■ What you are asked to do
Copy out the entries below exactly as they stand, but only from the line containing "I(X;Y|V=v), so (mu+1)" through the line containing "Definition negentropy (B".

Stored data
BEGIN
(* Consider a discrete memoryless wiretap channel with input alphabet $\mathcal X=\{1,\ldots,n\}$, main channel $p(y|x)$ and eavesdropper channel $p(z|x)$, which is dominantly cyclic shift symmetric. Then for every $\mu\ge0$, $$\sup_{U\to V\to X\to(Y,Z)}\big[\mu I(V;Y)+I(V;Y|U)-I(V;Z|U)\big]=\max_{V\to X\to(Y,Z),\ |\mathcal V|\le n}\big[(\mu+1)I(V;Y)-I(V;Z)\big],$$ (suprema over finite-alphabet auxiliary variables), i.e. rate splitting ($U$ non-constant) does not improve the rate-equivocation region and an optimal channel prefix $V$ with at most $n$ values exists. In particular the secrecy capacity satisfies $$C_s=\max_{P_x}f(P_x)-\min_{P_x}f(P_x).$$
   Context: $f(P_x)=I(X;Y)-I(X;Z)$ for $X\sim P_x$, and $C_s=\sup_{V\to X\to(Y,Z)}[I(V;Y)-I(V;Z)]$ is the secrecy capacity. A channel with input alphabet $\{1,\ldots,n\}$ is cyclic shift symmetric if $I(X;Y)$ is invariant under cyclic shifts of the input distribution; a wiretap channel is cyclic shift symmetric if both its channels are; it is dominantly cyclic shift symmetric if moreover $f(\mathbf u)\ge f(P_x)$ for all $P_x$, with $\mathbf u$ the uniform distribution. The left-hand supremum, over $\mu\ge0$, traces the upper right boundary of the rate-equivocation region. *)

From HB Require Import structures.
From mathcomp Require Import all_boot all_order all_algebra.
From mathcomp Require Import all_classical all_reals all_analysis.
Set Implicit Arguments. Unset Strict Implicit. Unset Printing Implicit Defensive.
Import Order.TTheory GRing.Theory Num.Theory.
Local Open Scope ring_scope.

Section Info.
Variable R : realType.

Definition is_dist (A : finType) (p : A -> R) :=
  (forall a, 0 <= p a) /\ \sum_(a : A) p a = 1.

(* discrete memoryless channel = stochastic matrix W x y = p(y|x) *)
Definition is_chan (A B : finType) (W : A -> B -> R) :=
  forall a, is_dist (W a).

Definition mutinfo (A B : finType) (P : A -> B -> R) : R :=
  \sum_(a : A) \sum_(b : B)
     P a b * ln (P a b / ((\sum_(b' : B) P a b') * (\sum_(a' : A) P a' b))).

Definition condmutinfo (A B C : finType) (P : A -> B -> C -> R) : R :=
  \sum_(a : A) \sum_(b : B) \sum_(c : C)
     P a b c * ln (P a b c * (\sum_(b' : B) \sum_(c' : C) P a b' c') /
                   ((\sum_(c' : C) P a b c') * (\sum_(b' : B) P a b' c))).

Definition through (T X B : finType) (PXV : T -> X -> R) (W : X -> B -> R)
  (v : T) (b : B) : R := \sum_(x : X) PXV v x * W x b.

Definition jointXY (X B : finType) (P : X -> R) (W : X -> B -> R) : X -> B -> R :=
  fun x b => P x * W x b.

Definition fdiff (X TY TZ : finType) (W : X -> TY -> R) (Wz : X -> TZ -> R)
  (P : X -> R) : R :=
  mutinfo (jointXY P W) - mutinfo (jointXY P Wz).

Definition jointVB (T X B : finType) (PV : T -> R) (PXV : T -> X -> R)
  (W : X -> B -> R) : T -> B -> R :=
  fun v b => PV v * through PXV W v b.

Definition jointUVB (S T X B : finType) (PU : S -> R) (PVU : S -> T -> R)
  (PXV : T -> X -> R) (W : X -> B -> R) : S -> T -> B -> R :=
  fun u v b => PU u * PVU u v * through PXV W v b.

Definition margV (S T : finType) (PU : S -> R) (PVU : S -> T -> R) : T -> R :=
  fun v => \sum_(u : S) PU u * PVU u v.

Definition lhs_val (S T X TY TZ : finType) (mu : R)
  (W : X -> TY -> R) (Wz : X -> TZ -> R)
  (PU : S -> R) (PVU : S -> T -> R) (PXV : T -> X -> R) : R :=
  mu * mutinfo (jointVB (margV PU PVU) PXV W)
  + condmutinfo (jointUVB PU PVU PXV W) - condmutinfo (jointUVB PU PVU PXV Wz).

Definition rhs_val (T X TY TZ : finType) (mu : R)
  (W : X -> TY -> R) (Wz : X -> TZ -> R) (PV : T -> R) (PXV : T -> X -> R) : R :=
  (mu + 1) * mutinfo (jointVB PV PXV W) - mutinfo (jointVB PV PXV Wz).

Definition secrecy_val (T X TY TZ : finType)
  (W : X -> TY -> R) (Wz : X -> TZ -> R) (PV : T -> R) (PXV : T -> X -> R) : R :=
  mutinfo (jointVB PV PXV W) - mutinfo (jointVB PV PXV Wz).

Definition is_secrecy_capacity (n : nat) (TY TZ : finType)
  (W : 'I_n -> TY -> R) (Wz : 'I_n -> TZ -> R) (c : R) :=
  (forall (k : nat) (PV : 'I_k -> R) (PXV : 'I_k -> 'I_n -> R),
      is_dist PV -> is_chan PXV -> secrecy_val W Wz PV PXV <= c) /\
  (forall eps : R, 0 < eps ->
     exists (k : nat) (PV : 'I_k -> R) (PXV : 'I_k -> 'I_n -> R),
       [/\ is_dist PV, is_chan PXV & c - eps < secrecy_val W Wz PV PXV]).

Definition cshift (n : nat) (P : 'I_n -> R) : 'I_n -> R := fun i => P (ordS i).

Definition cyc_sym (n : nat) (B : finType) (W : 'I_n -> B -> R) :=
  forall P : 'I_n -> R, is_dist P ->
    mutinfo (jointXY (cshift P) W) = mutinfo (jointXY P W).

Definition dom_cyc_sym (n : nat) (TY TZ : finType)
  (W : 'I_n -> TY -> R) (Wz : 'I_n -> TZ -> R) :=
  [/\ cyc_sym W, cyc_sym Wz &
      forall P : 'I_n -> R, is_dist P ->
        fdiff W Wz P <= fdiff W Wz (fun _ => n%:R^-1)].

End Info.

From HB Require Import structures.
From mathcomp Require Import all_boot all_order all_algebra.
From mathcomp Require Import all_classical all_reals all_analysis.
From mathcomp Require Import ring lra.
Set Implicit Arguments. Unset Strict Implicit. Unset Printing Implicit Defensive.
Import Order.TTheory GRing.Theory Num.Theory.
Import numFieldNormedType.Exports.
Local Open Scope ring_scope.

(* Write f_mu(P) = mu I(X;Y) + I(X;Y) - I(X;Z) for the input distribution P of
   X.  Along the Markov chain V -> X -> (Y,Z) we have I(V;Y) = I(X;Y) - E_V
   I(X;Y|V=v), so (mu+1) I(V;Y) - I(V;Z) = f_mu(P_X) - E_V f_mu(P_X|V), and the
   rate-splitting objective equals mu I(X;Y) + E_U f(P_X|U) - E_V f_mu(P_X|V).
   Cyclic shift symmetry makes I(X;Y) maximal at the uniform input u: if V is a
   uniformly random cyclic shift applied to P, then P_X = u and every shift has
   the value of P, so 0 <= I(V;Y) = I_u(X;Y) - I_P(X;Y).  Dominance makes f
   maximal at u as well.  Hence both objectives are at most f_mu(u) - min f_mu,
   and choosing V uniform over the n cyclic shifts of a minimiser of f_mu, which
   exists by compactness of the simplex, attains this bound. *)

Section Entropy.
Variable R : realType.

Lemma ln_le_subr1 (x : R) : 0 < x -> ln x <= x - 1.
Proof.
by move=> x0; have := @le_ln1Dx R (x - 1); rewrite addrCA subrr addr0; apply; lra.
Qed.

Lemma mul_ln_div_le (a b : R) : 0 < a -> 0 < b -> a * ln (b / a) <= b - a.
Proof.
move=> a0 b0; have /(ler_wpM2l (ltW a0)) := ln_le_subr1 (divr_gt0 b0 a0).
by rewrite mulrBr mulr1 mulrCA divff ?gt_eqF // mulr1.
Qed.

Lemma ler_sum_term (A : finType) (F : A -> R) a :
  (forall a, 0 <= F a) -> F a <= \sum_a' F a'.
Proof. by move=> F0; rewrite (bigD1 a) //= lerDl sumr_ge0. Qed.

Definition xlnx (x : R) := x * ln x.

Definition negentropy (B : finType) (q : B -> R) := \sum_b xlnx (q b).

Lemma abs_xlnx_le (s c : R) : 0 < s <= 1 -> 0 < c -> `|xlnx s| <= c + s * `|ln c|.
Proof.
case/andP=> s0 s1 c0; rewrite ler0_norm; last exact: mulr_ge0_le0 (ltW s0) (ln_le0 s1).
have := mul_ln_div_le s0 c0; rewrite ln_div ?posrE // /xlnx.
have : - (s * ln c) <= s * `|ln c|.
  by rewrite -mulrN; apply: (ler_wpM2l (ltW s0)); rewrite ler_normr lexx orbT.
lra.
Qed.

Lemma continuous_xlnx_norm : continuous (fun x : R => xlnx `|x|).
Proof.
move=> x; have [->|x0] := eqVneq x 0; last first.
  have cln : {for x, continuous (@ln R \o (Num.norm : R -> R))}.
    apply: continuous_comp; first exact: norm_continuous.
    by apply: continuous_ln; rewrite normr_gt0.
  exact: (continuousM (@norm_continuous _ R^o x) cln).
apply/cvgrPdist_lt => e e0.
pose c := e / 2; have c0 : 0 < c by rewrite divr_gt0.
have lnc1 : 0 < `|ln c| + 1 by rewrite ltr_wpDl.
pose d := Num.min 1 (c / (`|ln c| + 1)).
have d0 : 0 < d by rewrite lt_min ltr01 divr_gt0.
apply/nbhs_ballP; exists d => // t /=; rewrite sub0r normrN => td.
rewrite /xlnx normr0 mul0r sub0r normrN.
have [->|t0] := eqVneq t 0; first by rewrite normr0 mul0r normr0.
have t1 : `|t| <= 1 by rewrite ltW // (lt_le_trans td) // ge_min lexx.
have := @abs_xlnx_le `|t| c; rewrite normr_gt0 t0 t1 => /(_ isT c0).
have : `|t| * (`|ln c| + 1) < c.
  by rewrite -ltr_pdivlMr // (lt_le_trans td) // ge_min lexx orbT.
have := normr_ge0 t; rewrite /c /xlnx; lra.
Qed.

Lemma continuous_sum (T : topologicalType) (I : finType) (F : I -> T -> R) :
  (forall i, continuous (F i)) -> continuous (fun v => \sum_i F i v).
Proof.
move=> cF; rewrite -fct_sumE.
elim/big_ind: _ => // [x|f g cf cg x]; first exact: cvg_cst.
exact: continuousD (cf x) (cg x).
Qed.

Section Composition.
Variables (A B C : finType).
Implicit Types (p : A -> R) (K : A -> B -> R) (L : B -> C -> R).

Lemma dist_ge0 (p : A -> R) : is_dist p -> forall a, 0 <= p a.
Proof. by case. Qed.

Lemma chan_ge0 K : is_chan K -> forall a b, 0 <= K a b.
Proof. by move=> HK a; case: (HK a). Qed.

Lemma chan_sum1 K : is_chan K -> forall a, \sum_b K a b = 1.
Proof. by move=> HK a; case: (HK a). Qed.

Lemma dist_avg_const p (c : R) : is_dist p -> \sum_a p a * c = c.
Proof. by case=> _ p1; rewrite -mulr_suml p1 mul1r. Qed.

Lemma dist_avg_le p (f : A -> R) (c : R) :
  is_dist p -> (forall a, f a <= c) -> \sum_a p a * f a <= c.
Proof.
move=> Hp fc; rewrite -[leRHS](dist_avg_const c Hp).
by apply: ler_sum => a _; rewrite ler_wpM2l // dist_ge0.
Qed.

Lemma dist_avg_ge p (f : A -> R) (c : R) :
  is_dist p -> (forall a, c <= f a) -> c <= \sum_a p a * f a.
Proof.
move=> Hp fc; rewrite -[leLHS](dist_avg_const c Hp).
by apply: ler_sum => a _; rewrite ler_wpM2l // dist_ge0.
Qed.

Lemma sum_margV p K (h : B -> R) :
  \sum_b margV p K b * h b = \sum_a p a * \sum_b K a b * h b.
Proof.
under eq_bigr do rewrite mulr_suml.
rewrite exchange_big; apply: eq_bigr => a _; rewrite mulr_sumr.
by apply: eq_bigr => b _; rewrite mulrA.
Qed.

Lemma margVA p K L : margV (margV p K) L = margV p (fun a => margV (K a) L).
Proof. by apply: funext => c; rewrite /margV -sum_margV. Qed.

Lemma margV_ge0 p K : (forall a, 0 <= p a) -> is_chan K -> forall b, 0 <= margV p K b.
Proof. by move=> p0 HK b; apply: sumr_ge0 => a _; rewrite mulr_ge0 // chan_ge0. Qed.

Lemma margV_dist p K : is_dist p -> is_chan K -> is_dist (margV p K).
Proof.
move=> Hp HK; split; first by apply: margV_ge0 => //; exact: dist_ge0.
under eq_bigr do rewrite -[margV _ _ _]mulr1.
rewrite sum_margV -[RHS](dist_avg_const 1 Hp); apply: eq_bigr => a _.
by under eq_bigr do rewrite mulr1; rewrite chan_sum1.
Qed.

End Composition.

Lemma through_chan (A B C : finType) (K : A -> B -> R) (L : B -> C -> R) :
  is_chan K -> is_chan L -> is_chan (through K L).
Proof. by move=> HK HL a; exact: margV_dist. Qed.

Lemma mutinfo_ge0 (A B : finType) (M : A -> B -> R) :
  (forall a b, 0 <= M a b) -> \sum_a \sum_b M a b = 1 -> 0 <= mutinfo M.
Proof.
move=> M0 M1; pose r a := \sum_b M a b; pose c b := \sum_a M a b.
have gibbs a b : M a b - r a * c b <= M a b * ln (M a b / (r a * c b)).
  have Mr : M a b <= r a by apply: ler_sum_term.
  have Mc : M a b <= c b by apply: (@ler_sum_term _ (M^~ b)).
  move: (M0 a b); rewrite le_eqVlt => /predU1P[<-|Mab0].
    by rewrite mul0r sub0r oppr_le0 mulr_ge0 // sumr_ge0.
  have rc0 : 0 < r a * c b by rewrite mulr_gt0 // (lt_le_trans Mab0).
  rewrite -[M a b / _]invf_div lnV ?posrE ?divr_gt0 // mulrN.
  have := mul_ln_div_le Mab0 rc0; lra.
apply: (le_trans _ (ler_sum _ (fun a _ => ler_sum _ (fun b _ => gibbs a b)))).
under eq_bigr => a _ do rewrite sumrB -mulr_sumr.
by rewrite sumrB -mulr_suml M1 [\sum_b c b]exchange_big M1 mulr1 subrr.
Qed.

Lemma mutinfo_kernel_term (p k c : R) : 0 <= p -> 0 <= k -> p * k <= c ->
  p * k * ln (p * k / (p * c)) = p * xlnx k - p * k * ln c.
Proof.
rewrite le_eqVlt => /predU1P[<-|p0]; first by rewrite !mul0r subrr.
rewrite le_eqVlt => /predU1P[<-|k0] pkc; first by rewrite /xlnx !(mulr0, mul0r) subrr.
have c0 : 0 < c by rewrite (lt_le_trans _ pkc) // mulr_gt0.
by rewrite ln_div ?posrE ?mulr_gt0 // !lnM ?posrE // /xlnx; ring.
Qed.

Lemma mutinfo_kernel (A B : finType) (p : A -> R) (K : A -> B -> R) :
  (forall a, 0 <= p a) -> is_chan K ->
  mutinfo (fun a b => p a * K a b) =
  \sum_a p a * negentropy (K a) - negentropy (margV p K).
Proof.
move=> p0 HK; rewrite /mutinfo /negentropy.
have pKc a b : p a * K a b <= \sum_a' p a' * K a' b.
  apply: (@ler_sum_term _ (fun a' => p a' * K a' b)) => a'.
  by rewrite mulr_ge0 // chan_ge0.
under eq_bigr => a _.
  under eq_bigr => b _ do rewrite -mulr_sumr chan_sum1 // mulr1
    (mutinfo_kernel_term (p0 a) (chan_ge0 HK a b) (pKc a b)).
  rewrite sumrB -mulr_sumr.
  over.
rewrite sumrB exchange_big /=; congr (_ - _); apply: eq_bigr => b _.
by rewrite /xlnx mulr_suml.
Qed.

Lemma condmutinfo_mixture (A B C : finType) (p : A -> R) (Q : A -> B -> C -> R) :
  (forall a, \sum_b \sum_c Q a b c = 1) ->
  condmutinfo (fun a b c => p a * Q a b c) = \sum_a p a * mutinfo (Q a).
Proof.
move=> Q1; apply: eq_bigr => a _; rewrite /mutinfo.
have [->|p0] := eqVneq (p a) 0.
  by rewrite mul0r big1 // => b _; rewrite big1 // => c _; rewrite !mul0r.
have -> : \sum_b \sum_c p a * Q a b c = p a.
  by rewrite -[RHS]mulr1 -(Q1 a) mulr_sumr; apply: eq_bigr => b _; rewrite mulr_sumr.
rewrite mulr_sumr; apply: eq_bigr => b _; rewrite mulr_sumr; apply: eq_bigr => c _.
rewrite -!mulr_sumr -mulrA; congr (_ * (_ * ln _)).
rewrite !invfM -[X in _ = X]mulr1 -(expr1n R 2) -(divff p0); ring.
Qed.

Section Channel.
Variables (X B : finType) (W : X -> B -> R).
Hypothesis HW : is_chan W.

Lemma mutinfo_jointXY (P : X -> R) : (forall x, 0 <= P x) ->
  mutinfo (jointXY P W) = \sum_x P x * negentropy (W x) - negentropy (margV P W).
Proof. by move=> P0; apply: mutinfo_kernel. Qed.

Variables (T : finType) (PXV : T -> X -> R).
Hypothesis HPXV : is_chan PXV.

Lemma jointVB_sum1 (PV : T -> R) : is_dist PV -> \sum_v \sum_b jointVB PV PXV W v b = 1.
Proof.
move=> HPV; rewrite -[RHS](dist_avg_const 1 HPV); apply: eq_bigr => v _.
by rewrite -mulr_sumr (chan_sum1 (through_chan HPXV HW)).
Qed.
END
■ Response area
   I(X;Y|V=v), so (mu+1) I(V;Y) - I(V;Z) = f_mu(P_X) - E_V f_mu(P_X|V), and the
   rate-splitting objective equals mu I(X;Y) + E_U f(P_X|U) - E_V f_mu(P_X|V).
   Cyclic shift symmetry makes I(X;Y) maximal at the uniform input u: if V is a
   uniformly random cyclic shift applied to P, then P_X = u and every shift has
   the value of P, so 0 <= I(V;Y) = I_u(X;Y) - I_P(X;Y).  Dominance makes f
   maximal at u as well.  Hence both objectives are at most f_mu(u) - min f_mu,
   and choosing V uniform over the n cyclic shifts of a minimiser of f_mu, which
   exists by compactness of the simplex, attains this bound. *)

Section Entropy.
Variable R : realType.

Lemma ln_le_subr1 (x : R) : 0 < x -> ln x <= x - 1.
Proof.
by move=> x0; have := @le_ln1Dx R (x - 1); rewrite addrCA subrr addr0; apply; lra.
Qed.

Lemma mul_ln_div_le (a b : R) : 0 < a -> 0 < b -> a * ln (b / a) <= b - a.
Proof.
move=> a0 b0; have /(ler_wpM2l (ltW a0)) := ln_le_subr1 (divr_gt0 b0 a0).
by rewrite mulrBr mulr1 mulrCA divff ?gt_eqF // mulr1.
Qed.

Lemma ler_sum_term (A : finType) (F : A -> R) a :
  (forall a, 0 <= F a) -> F a <= \sum_a' F a'.
Proof. by move=> F0; rewrite (bigD1 a) //= lerDl sumr_ge0. Qed.

Definition xlnx (x : R) := x * ln x.

Definition negentropy (B : finType) (q : B -> R) := \sum_b xlnx (q b).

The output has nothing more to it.